Hello, Welcome to Pinecone Mental Health Pediatrics!

This is a special page for my older patients to get answers to some questions they might not want to ask.


But First---please know that YOU are the Most Important Part of this team!!

I will promise to use my knowledge and skills to help you to find medication(s) that noticeably improves (or resolves) your troubling symptoms, whether they are sadness, anxiety, panic, difficulty focusing, impulsivity, etc...

However, there are things that I will Need from You in order to accomplish this goal!

  • You need to know that here, you are EMPOWERED! I need to hear directly from you about how you feel in general, details about how the symptoms of your diagnoses affects your every day life, which symptoms that you find the most distressing, difficult issues in your daily life, and most importantly, feedback about how your medication makes you feel (good or bad) and how it effects your symptoms.
  • You need to be Honest with me! I need to know about the issues in your life, how things are going at home and school, where you struggle most with your symptoms, and about certain things that you may have not told anyone in your family (or anyone else at all), specifically about difficult subjects such as the use of marijuana and nicotine (whether by vaping or other methods), alcohol, and any other drugs (prescription or over-the-counter) that you use for reasons to decrease your symptoms or to get "high". It is also important to share other risky behaviors that may cause you serious harm, such as cutting, extreme exercising or food restriction to lose weight, or any abuse to you or another person that you are aware of.
  • You have a right to speak with me confidentially, regarding any topics!  If I do not request to speak to you privately during our appointment, you can always ask at any time to be able to speak with me! No questions are off-limits, and I always try to give you an honest, straightforward answer.
  • I will not share whatever we discuss with anyone, including your family or guardians, EXCEPT where I am legally required to do so...
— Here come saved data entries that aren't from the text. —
(* Let $X,Z$ be complex Banach spaces, $E\in L(X,Z)$, $A\colon\mathrm{dom}(A)\subseteq X\to Z$ closed and densely defined, and assume $(E,A)$ has a complex resolvent index $p_{\mathrm{res}}^{(E,A)}$; set $p:=p_{\mathrm{res}}^{(E,A)}+1$. Fix $\mu\in\rho(E,A)$, let $X_{\ker}:=\ker R_r(\mu)^p$, $Z_{\ker}:=\ker R_l(\mu)^p$, let $A_{\ker}:=A|_{\mathrm{dom}(A)\cap X_{\ker}}\colon \mathrm{dom}(A)\cap X_{\ker}\to Z_{\ker}$ (which has a bounded inverse $A_{\ker}^{-1}\colon Z_{\ker}\to X_{\ker}$) and $E_{\ker}:=E|_{X_{\ker}}\in L(X_{\ker},Z_{\ker})$. Let $f\in C^p([0,\infty);Z_{\ker})$. Then the equation $\frac{\mathrm d}{\mathrm dt}Ex(t)=Ax(t)+f(t)$, $t\in[0,\infty)$, has a classical solution given by $$x(t)=-\sum_{i=0}^pA_{\ker}^{-1}(E_{\ker}A_{\ker}^{-1})^if^{(i)}(t),\quad t\ge0.$$
   Context: $\rho(E,A)$ is the set of $\lambda\in\mathbb C$ for which $\lambda E-A\colon\mathrm{dom}(A)\to Z$ is bijective with bounded inverse. $(E,A)$ has a complex resolvent index if there is a smallest $p_{\mathrm{res}}^{(E,A)}\in\mathbb N_0$ for which there exist $\omega\in\mathbb R$, $C>0$ with $\{\operatorname{Re}\lambda>\omega\}\subseteq\rho(E,A)$ and $\|(\lambda E-A)^{-1}\|\le C|\lambda|^{p_{\mathrm{res}}^{(E,A)}-1}$ for $\operatorname{Re}\lambda>\omega$. $R_r(\lambda):=(\lambda E-A)^{-1}E$, $R_l(\lambda):=E(\lambda E-A)^{-1}$. A classical solution of $\frac{\mathrm d}{\mathrm dt}Ex=Ax+f$ on $[0,\infty)$ is a function $x\in C([0,\infty);X)$ with $Ex\in C^1([0,\infty);Z)$, $x(t)\in\mathrm{dom}(A)$ for all $t\ge0$, satisfying the equation for all $t\ge0$. *)

From HB Require Import structures.
From mathcomp Require Import all_boot all_order all_algebra.
From mathcomp Require Import all_classical all_reals all_analysis.
From mathcomp.real_closed Require complex.
Import complex.ComplexField.
Import Order.TTheory GRing.Theory Num.Theory.
Import numFieldNormedType.Exports.
Definition ax_powerset : Prop :=
  forall x, D x -> exists p, D p /\ isset p /\
    (forall y, D y -> (mem y p <-> (isset y /\ forall z, D z -> mem z y -> mem z x))).

Definition ax_infinity : Prop :=
  exists w, D w /\ isset w /\
    (exists o, D o /\ isset o /\ (forall z, D z -> ~ mem z o) /\ mem o w) /\
    (forall x, D x -> mem x w ->
       exists s, D s /\ mem s w /\ isset s /\
         (forall z, D z -> (mem z s <-> mem z x \/ z = x))).

Definition ax_separation : Prop :=
  forall (phi : form) (e : nat -> M), env_in e ->
  forall x, D x -> exists y, D y /\ isset y /\
    (forall z, D z -> (mem z y <-> mem z x /\ sat (scons z e) phi)).

(* Replacement: for phi(v, u, params) (v = var 0, u = var 1), if phi is
   functional on x then the image of x exists. *)
Definition ax_replacement : Prop :=
  forall (phi : form) (e : nat -> M), env_in e ->
  forall x, D x ->
    (forall u, D u -> mem u x ->
       exists v, D v /\ sat (scons v (scons u e)) phi /\
         (forall v', D v' -> sat (scons v' (scons u e)) phi -> v' = v)) ->
    exists y, D y /\ isset y /\
      (forall v, D v -> (mem v y <->
         exists u, D u /\ mem u x /\ sat (scons v (scons u e)) phi)).

Definition ax_choice : Prop :=
  forall x, D x ->
    (forall y, D y -> mem y x -> isset y /\ exists z, D z /\ mem z y) ->
    (forall y y', D y -> D y' -> mem y x -> mem y' x -> y <> y' ->
       forall z, D z -> mem z y -> ~ mem z y') ->
    exists s, D s /\ isset s /\
      (forall y, D y -> mem y x ->
         exists c, D c /\ mem c y /\ mem c s /\
           (forall c', D c' -> mem c' y -> mem c' s -> c' = c)).

Definition ZFCU_R : Prop :=
  ax_urelements /\ ax_extensionality /\ ax_foundation /\ ax_pairing /\
  ax_union /\ ax_powerset /\ ax_infinity /\ ax_separation /\
  ax_replacement /\ ax_choice.

Definition A_proper_class : Prop :=
  ~ exists s, D s /\ isset s /\ (forall z, D z -> (mem z s <-> ur z)).

End Semantics.

(* Notions inside the ambient universe (M, mem, ur), where every object exists. *)
Section Ambient.
Variables (M : Type) (mem : M -> M -> Prop) (ur : M -> Prop).

Definition transitive (t : M) : Prop :=
  ~ ur t /\ forall y z, mem y t -> mem z y -> mem z t.

Definition in_TC_singleton (a x : M) : Prop :=
  forall t, transitive t -> mem x t -> mem a t.

Definition is_ker (x k : M) : Prop :=
  ~ ur k /\ forall a, mem a k <-> (ur a /\ in_TC_singleton a x).
Let row_norm_Mt t : `|t| <= d -> row_norm_le (Mt t) ((1 + g) / 2).
Proof.
move=> td u; have dK : d * K <= (1 - g) / 2.
  by have g1 := g_lt1; have K0 := K_ge0; rewrite mulrAC ler_pdivrMr ?ler_wpM2l //; lra.
apply: le_trans (_ : \sum_w (`|M u w| + `|t| * `|D u w|) <= _).
  by apply: ler_sum => w _; rewrite -normrM ler_normD.
rewrite big_split /= -big_distrr /=.
have : `|t| * \sum_w `|D u w| <= d * K by rewrite ler_pM ?sumr_ge0 ?row_norm_D_le.
by have := hM u; have := g_lt1; lra.
Qed.

Let VtE t s : `|t| <= d ->
  Vt t s = r s + t * e s + \sum_u (M s u + t * D s u) * Vt t u.
Proof.
by move=> td; have g0 := g_ge0; have g1 := g_lt1; apply: (resolventE _ _ (row_norm_Mt td)); lra.
Qed.

Let Vt_bounded : exists2 B, 0 <= B & forall t s, `|t| <= d -> `|Vt t s| <= B.
Proof.
have g0 := g_ge0; have g1 := g_lt1; have d0 := d_gt0.
pose B := \sum_u (`|r u| + d * `|e u|).
have B0 : 0 <= B by rewrite sumr_ge0 // => u _; rewrite addr_ge0 // mulr_ge0 // ltW.
exists (B / (1 - (1 + g) / 2)); first by rewrite divr_ge0 //; lra.
move=> t s td; apply: (norm_le_of_fixpoint _ _ (row_norm_Mt td) (fun u => VtE u td)); try lra.
move=> u; apply: le_trans (ler_normD _ _) _; rewrite normrM.
apply: le_trans (_ : `|r u| + d * `|e u| <= _); first by rewrite lerD2l ler_wpM2r.
by apply: (@le_sum_nonneg (fun u => `|r u| + d * `|e u|)) => v; rewrite addr_ge0 // mulr_ge0 // ltW.
Qed.

Let Vt_sub_V0E t s : `|t| <= d -> Vt t s - V0 s =
  t * (e s + \sum_u D s u * Vt t u) + \sum_u M s u * (Vt t u - V0 u).
Proof.
move=> td; rewrite VtE // (resolventE g_ge0 g_lt1 hM r s) sum_mulDl_scale sum_mulBr.
ring.
Qed.

Let Vt_lipschitz :
  exists2 C, 0 <= C & forall t s, `|t| <= d -> `|Vt t s - V0 s| <= `|t| * C.
Proof.
have [B B0 VtB] := Vt_bounded.
exists ((\sum_u `|e u| + K * B) / (1 - g)).
  apply: divr_ge0; last by rewrite subr_ge0 ltW.
  by rewrite addr_ge0 ?mulr_ge0 // sumr_ge0.
move=> t s td; rewrite mulrA.
apply: (norm_le_of_fixpoint g_ge0 g_lt1 hM (fun s => Vt_sub_V0E s td)) => u.
rewrite normrM ler_wpM2l //; apply: le_trans (ler_normD _ _) (lerD (le_sum_norm _ _) _).
by apply: norm_sum_mul_le => // v; exact: VtB.
Qed.

(* G solves G = e + D V0 + M G, so the error of the difference quotient is a
   fixpoint of M driven by D (Vt - V0) = O(t). *)
Let Vt_diff_quotient : exists2 C, 0 <= C & forall t s, t != 0 -> `|t| <= d ->
  `|t^-1 * (Vt t s - V0 s) - G s| <= `|t| * C.
Proof.
have [C C0 VtC] := Vt_lipschitz.
exists (K * C / (1 - g)).
  by apply: divr_ge0; [rewrite mulr_ge0 | rewrite subr_ge0 ltW].
move=> t s t0 td; have -> : `|t| * (K * C / (1 - g)) = K * (`|t| * C) / (1 - g) by ring.
apply: (norm_le_of_fixpoint g_ge0 g_lt1 hM
  (Z := fun s => t^-1 * (Vt t s - V0 s) - G s)
  (w := fun s => \sum_u D s u * (Vt t u - V0 u))) => [u|u].
  rewrite Vt_sub_V0E // (resolventE g_ge0 g_lt1 hM _ u) mulrDr mulrA mulVf // mul1r.
  by rewrite !sum_mulBr sum_mulrCA sum_mulBr; ring.
by apply: norm_sum_mul_le => // [|v]; [rewrite mulr_ge0 | exact: VtC].
Qed.

Lemma derive_resolvent (rho : S -> R) :
  derive1 (fun t => \sum_s rho s *
    resolvent (fun u w => M u w + t * D u w) (fun u => r u + t * e u) s) 0
  = \sum_s rho s * resolvent M (fun u => e u + \sum_w D u w * resolvent M r w) s.
Proof.
have [C C0 hC] := Vt_diff_quotient.
apply: (derive1_at0_of_error_bound d_gt0 (C := (\sum_s `|rho s|) * C)) => [|t t0 td].
  by rewrite mulr_ge0 ?sumr_ge0.
have -> : (fun u w => M u w + 0 * D u w) = M.
  by apply: funext => u; apply: funext => w; rewrite mul0r addr0.
have -> : (fun u => r u + 0 * e u) = r by apply: funext => u; rewrite mul0r addr0.
rewrite -sumrB mulr_sumr -sumrB mulrCA.
under eq_bigr do rewrite -mulrBr mulrCA -mulrBr.
by apply: norm_sum_mul_le => // [|s]; [rewrite mulr_ge0 | exact: hC].
Qed.

End Perturbation.
End Kernel.

Arguments dirac {R S}.

Lemma sum_dffun_prod (R : comNzRingType) (I : finType) (T_ : I -> finType)
    (F : forall i, T_ i -> R) :
  \sum_(f : {dffun forall i, T_ i}) \prod_i F i (f i) = \prod_i \sum_(a : T_ i) F i a.
Proof.
pose P_ i := [ffun a : T_ i => F i a].
transitivity (\prod_i \sum_(a : T_ i) P_ i a); last first.
  by apply: eq_bigr => i _; apply: eq_bigr => a _; rewrite ffunE.
under eq_bigr => i _ do rewrite (big_tag (fun j => P_ j) i).
rewrite bigA_distr_big_dep -big_fprod.
rewrite (reindex (@dffun_of_fprod _ T_)); last first.
  by exists (@fprod_of_dffun _ T_) => f _; [apply: dffun_of_fprodK | apply: fprod_of_dffunK].
by apply: eq_bigr => t _; apply: eq_bigr => i _; rewrite ffunE /P_ ffunE.
Qed.

Lemma uniform_lt1 (R : realType) (T : finType) (f : T -> R) : (forall t, f t < 1) ->
  exists g : R, [/\ 0 <= g, g < 1 & forall t, f t <= g].
Proof.
move=> f_lt1; exists (\big[Num.max/0]_t Num.max 0 (f t)); split.
- by apply: (big_ind (fun v => 0 <= v)) => // [x y x0 _|t _]; rewrite le_max ?x0 ?lexx.
- apply: (big_ind (fun v => v < 1)) => // [x y x1 y1|t _]; first by rewrite gt_max x1.
  by rewrite gt_max ltr01 f_lt1.
- by move=> t; rewrite (bigD1 t) //= !le_max lexx orbT.
Qed.

Section Game.
Variables (R : realType) (n : nat) (S : finType) (A : 'I_n -> finType).
Variables (P : S -> jact A -> S -> R) (Rw : 'I_n -> S -> jact A -> R) (rho : S -> R).
Hypotheses (P_ge0 : forall s a s', 0 <= P s a s')
           (P_lt1 : forall s a, \sum_(s' : S) P s a s' < 1).
Implicit Types (x y : profile R S A) (b : jact A).

Lemma Ph_kpow x h s s' : Ph P x h s s' = kpow (Ppi P x) h s s'.
Proof. by elim: h s s' => //= h IH s s'; apply: eq_bigr => u _; rewrite IH. Qed.

Lemma V_resolvent x i s : V P Rw x i s = resolvent (Ppi P x) (rpi Rw x i) s.
Proof.
by rewrite /V /resolvent /kiter; congr (limn (series _)); apply: funext => h;
  apply: eq_bigr => s' _; rewrite Ph_kpow.
Qed.

Lemma dvis_resolvent x s :
  dvis P rho x s = \sum_s0 rho s0 * resolvent (Ppi P x) (dirac s) s0.
Proof.
apply: eq_bigr => s0 _; rewrite /resolvent /kiter.
congr (_ * _); congr (limn (series _)); apply: funext => h.
by rewrite sum_dirac_mulr Ph_kpow.
Qed.

Lemma jprobD1 x i u b : jprob x u b = x i u (b i) * \prod_(j | j != i) x j u (b j).
Proof. by rewrite /jprob (bigD1 i). Qed.

Lemma jprob_ge0 x u b : inX x -> 0 <= jprob x u b.
Proof. by move=> hx; apply: prodr_ge0 => i _; case: (hx i u). Qed.

Lemma jprob_sum1 x u : inX x -> \sum_b jprob x u b = 1.
Proof.
by move=> hx; rewrite /jprob (sum_dffun_prod (fun i a => x i u a)) big1 // => i _; case: (hx i u).
Qed.

Lemma Ppi_ge0 x u w : inX x -> 0 <= Ppi P x u w.
Proof. by move=> hx; apply: sumr_ge0 => b _; rewrite mulr_ge0 ?jprob_ge0. Qed.

Lemma Ppi_row_norm x : inX x -> exists g, [/\ 0 <= g, g < 1 & row_norm_le (Ppi P x) g].
Proof.
move=> hx; have [g [g0 g1 hg]] := uniform_lt1 (fun p : S * jact A => P_lt1 p.1 p.2).
exists g; split=> // u.
have -> : \sum_w `|Ppi P x u w| = \sum_b jprob x u b * \sum_w P u b w.
  under eq_bigr => w _ do rewrite ger0_norm ?Ppi_ge0 //.
  by rewrite /Ppi exchange_big /=; apply: eq_bigr => b _; rewrite big_distrr.
apply: le_trans (_ : \sum_b jprob x u b * g <= _).
  by apply: ler_sum => b _; rewrite ler_wpM2l ?jprob_ge0 //; exact: (hg (u, b)).
by rewrite -big_distrl /= jprob_sum1 ?mul1r.
Qed.
Lemma min_rep_texp0 : texp wg = 0 ->
  exists w, inC0 phi phiinv R w /\ exists j : nat, ev (rot j w) = ev wg.
Proof.
move=> wg0; set d := tcount wg.
have dd : tinvcount wg = d by move: wg0; rewrite /texp; lia.
have [c [cd Hc]] := heights_window wg; rewrite dd -/d maxnn in cd Hc.
set M := lift_heights c%:Z (heights wg).
have M_range : {in M, forall p, 0 <= p.1 < d.+1%:Z}.
  by move=> _ /mapP[p /Hc pc ->] /=; rewrite -addn1 PoszD ltzD1.
have RM : {in M, forall p, p.2 \in R}.
  by move=> _ /mapP[p /(heights_over wg_over) Rp ->].
set us := [seq map (@inl K bool) (layer M i) | i <- iota 0 d.+1].
have Rus : all (all (inR R)) us.
  by rewrite all_map; apply/allP => i _; apply: layer_over.
set w := ladder (layer M) 0 d ++ tpow K false d.
have hw : perm_eq (heights w) M.
  rewrite heights_cat heights_tpow cats0 heights_ladder oppr0 lift_heights0.
  exact: perm_layered_iota.
have tw : texp w = 0 by rewrite texp_cat texp_ladder texp_tpow subrr.
set j := (size (ladder (layer M) 0 d) + (d - c))%N.
have rot_w : ev (rot j w) = ev wg.
  rewrite evalw_rot_balanced // texp_take_ladder_tpow // /hsum (perm_big _ hw).
  by rewrite -/(hsum M) hsum_lift phipow_comp subrr [ev wg]evalw_heights wg0.
have Rw : word_over R w.
  rewrite /word_over all_cat -/(word_over R (join_t us)) word_over_join_t //.
  by rewrite all_nseq orbT.
have size_w : size w = size wg.
  rewrite size_cat size_ladder size_nseq (size_word wg) dd.
  by rewrite (perm_size (perm_layered_iota M_range)) size_map.
have geo_w := geodesic_of_rot Rw (eq_leq size_w) rot_w.
exists w; split; last by exists j.
split; last by exists d, us; rewrite size_map size_iota.
split=> //; exists 0%N, d, 0%N, us; rewrite size_map size_iota /=.
by rewrite /tpow /= cats0.
Qed.

Lemma min_rep_tinvcount0 {m} : (0 < m)%N -> texp wg = m%:Z -> tinvcount wg = 0%N.
Proof.
move=> m_gt0 wgm; set M := [seq ((p.1 %% m)%Z, p.2) | p <- heights wg].
have M_range : {in M, forall p, 0 <= p.1 < m.+1%:Z}.
  move=> _ /mapP[p _ ->] /=; rewrite modz_ge0 ?ltzS ?ltz_pmod //; lia.
have RM : {in M, forall p, p.2 \in R}.
  by move=> _ /mapP[p /(heights_over wg_over) Rp ->].
set w := ladder (layer M) 0 m.
have Rw : word_over R w.
  by apply: word_over_join_t; rewrite all_map; apply/allP => i _; apply: layer_over.
have [h conj_h] := Kconj_gconj (Kconj_hsum_mod m (heights wg)).
have := @wg_min h w Rw; rewrite evalw_heights heights_ladder oppr0 lift_heights0.
rewrite /hsum (perm_big _ (perm_layered_iota M_range)) texp_ladder -/(hsum M) conj_h.
rewrite -wgm -evalw_heights => /(_ erefl).
rewrite size_ladder (perm_size (perm_layered_iota M_range)) size_map size_word.
by move: wgm; rewrite /texp; lia.
Qed.
Lemma pos_posV a : pos a -> pos (ginv a) -> False.
Proof.
  destruct hle as (_ & hanti & _ & _ & hmul).
  intros [ha ha1] [hb _]. apply ha1, hanti; [|exact ha].
  apply (hmul a) in hb. rewrite mulg1, mulgV in hb. exact hb.
Qed.

Lemma pos_or_posV a : a <> gone -> pos a \/ pos (ginv a).
Proof.
  destruct hle as (_ & _ & _ & htot & hmul).
  intro ha1. destruct (htot gone a) as [ha|ha]; [left; split; auto|right].
  split.
  - apply (hmul (ginv a)) in ha. rewrite mulg1, gmulV in ha. exact ha.
  - intro e. apply ha1. rewrite <- (invgK a), e. apply invg1.
Qed.

Lemma pos_gpow a k : pos a -> pos (gpow a (S k)).
Proof.
  intro ha. induction k; [simpl; rewrite mulg1; exact ha|].
  apply pos_mul; assumption.
Qed.

Lemma pos_root a z k : gpow a (S k) = z -> pos z -> pos a.
Proof.
  intros e hz. destruct (pos_or_posV a) as [ha|ha]; [|exact ha|].
  - intros ->. rewrite gpow1g in e. subst z. apply hz. reflexivity.
  - exfalso. apply (pos_gpow _ k) in ha. rewrite gpowV, e in ha.
    exact (pos_posV z hz ha).
Qed.

Lemma pos_gpow_mul a b k : pos a -> pos b -> pos (gpow a k ** b).
Proof.
  intros ha hb. induction k; simpl; [rewrite gmul1; exact hb|].
  rewrite <- gmulA. apply pos_mul; assumption.
Qed.

Lemma pos_mul_gpow a b k : pos a -> pos b -> pos (b ** gpow a k).
Proof.
  intros ha hb. induction k; [simpl; rewrite mulg1; exact hb|].
  rewrite gpowSr, gmulA. apply pos_mul; assumption.
Qed.

Lemma root_word_sign m z u :
  root_word m z u -> (pos z -> pos u) /\ (pos (ginv z) -> pos (ginv u)).
Proof.
  intros [r [r' [hr [hr' ->]]]]. split; intro hz.
  - apply pos_gpow_mul; [exact (pos_root r z m hr hz) | exact (pos_root r' z m hr' hz)].
  - rewrite invMg, <- gpowV.
    apply pos_mul_gpow; apply (pos_root _ (ginv z) m); try assumption;
      rewrite gpowV; f_equal; assumption.
Qed.
(* Assume $Q_{12}>0$. For any $\gamma>0$, $$H(\tilde C_i^{(n)}|\tilde{\mathbf X}_{3-i})\ge n[H(X_i|X_{3-i})-\gamma]+\log Q_{12},\quad i=1,2,$$ $$H(\tilde C_1^{(n)}\tilde C_2^{(n)})\ge n[H(X_1X_2)-\gamma]+\log Q_{12}.$$
   Context: Logs base 2. $\mathcal X_1,\mathcal X_2$ finite; $(X_1,X_2)\sim p_{X_1X_2}$, $(K_1,K_2)\sim p_{K_1K_2}$ on $\mathcal X_1\times\mathcal X_2$. At block length $n$, $(\mathbf X_1,\mathbf X_2)\sim p^n_{X_1X_2}$ i.i.d., $(\mathbf K_1,\mathbf K_2)\sim p^n_{K_1K_2}$ i.i.d., keys independent of sources. A distributed source encryption system: finite $\mathcal C_i^{(n)}$, maps $\Phi_i^{(n)}:\mathcal X_i^n\times\mathcal X_i^n\to\mathcal C_i^{(n)}$ (key, plaintext) and $\Psi^{(n)}$, such that there are maps $\phi_i^{(n)}$, $\psi^{(n)}$ with $\Psi^{(n)}(\mathbf k_1,\mathbf k_2,\Phi_1^{(n)}(\mathbf k_1,\mathbf x_1),\Phi_2^{(n)}(\mathbf k_2,\mathbf x_2))=\psi^{(n)}(\phi_1^{(n)}(\mathbf x_1),\phi_2^{(n)}(\mathbf x_2))$ for all arguments. $C_i^{(n)}:=\Phi_i^{(n)}(\mathbf K_i,\mathbf X_i)$. $\mathcal D^{(n)}:=\{(\mathbf x_1,\mathbf x_2):\psi^{(n)}(\phi_1^{(n)}(\mathbf x_1),\phi_2^{(n)}(\mathbf x_2))=(\mathbf x_1,\mathbf x_2)\}$. For $\gamma>0$, $\tilde{\mathcal A}^{(n)}_\gamma$ is the set of $(\mathbf x_1,\mathbf x_2)$ with $\bigl|\frac1n\log\frac1{p^n_{X_i|X_{3-i}}(\mathbf x_i|\mathbf x_{3-i})}-H(X_i|X_{3-i})\bigr|\le\gamma$ ($i=1,2$) and $\bigl|\frac1n\log\frac1{p^n_{X_1X_2}(\mathbf x_1,\mathbf x_2)}-H(X_1X_2)\bigr|\le\gamma$, and $\tilde{\mathcal D}^{(n)}_\gamma:=\tilde{\mathcal A}^{(n)}_\gamma\cap\mathcal D^{(n)}$. $Q_{12}:=p^n_{X_1X_2}(\tilde{\mathcal D}^{(n)}_\gamma)$. The random pair $(\tilde{\mathbf X}_1,\tilde{\mathbf X}_2)$ has law $p^n_{X_1X_2}(\mathbf x_1,\mathbf x_2)/Q_{12}$ on $\tilde{\mathcal D}^{(n)}_\gamma$ and $0$ elsewhere, independent of $(\mathbf K_1,\mathbf K_2)$; $\tilde C_i^{(n)}:=\Phi_i^{(n)}(\mathbf K_i,\tilde{\mathbf X}_i)$. Equivalently, the joint law of $(\tilde C_1^{(n)},\tilde C_2^{(n)},\tilde{\mathbf X}_1,\tilde{\mathbf X}_2)$ is that of $(C_1^{(n)},C_2^{(n)},\mathbf X_1,\mathbf X_2)$ conditioned on $(\mathbf X_1,\mathbf X_2)\in\tilde{\mathcal D}^{(n)}_\gamma$. *)

From HB Require Import structures.
From mathcomp Require Import all_boot all_order all_algebra.
From mathcomp Require Import reals exp.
       anything that you disclose, or that i strongly suspect, where you or someone else may be at risk of serious harm or death; suicidal or homicidal thoughts, plans, or attempts; disclosing

       any history of abuse (physical, sexual, or severe emotional), disclosing extremely risky behaviors or those that can potentially lead to severe harm, such as significant self-cutting,

       extreme exercising, purging, or food restricting to lose weight; significant drug use/addiction; promiscuous sexual activity, especially in exchange for drugs, money, etc.; or other

       concerns not listed that place you or someone else at significant risk of harm or death.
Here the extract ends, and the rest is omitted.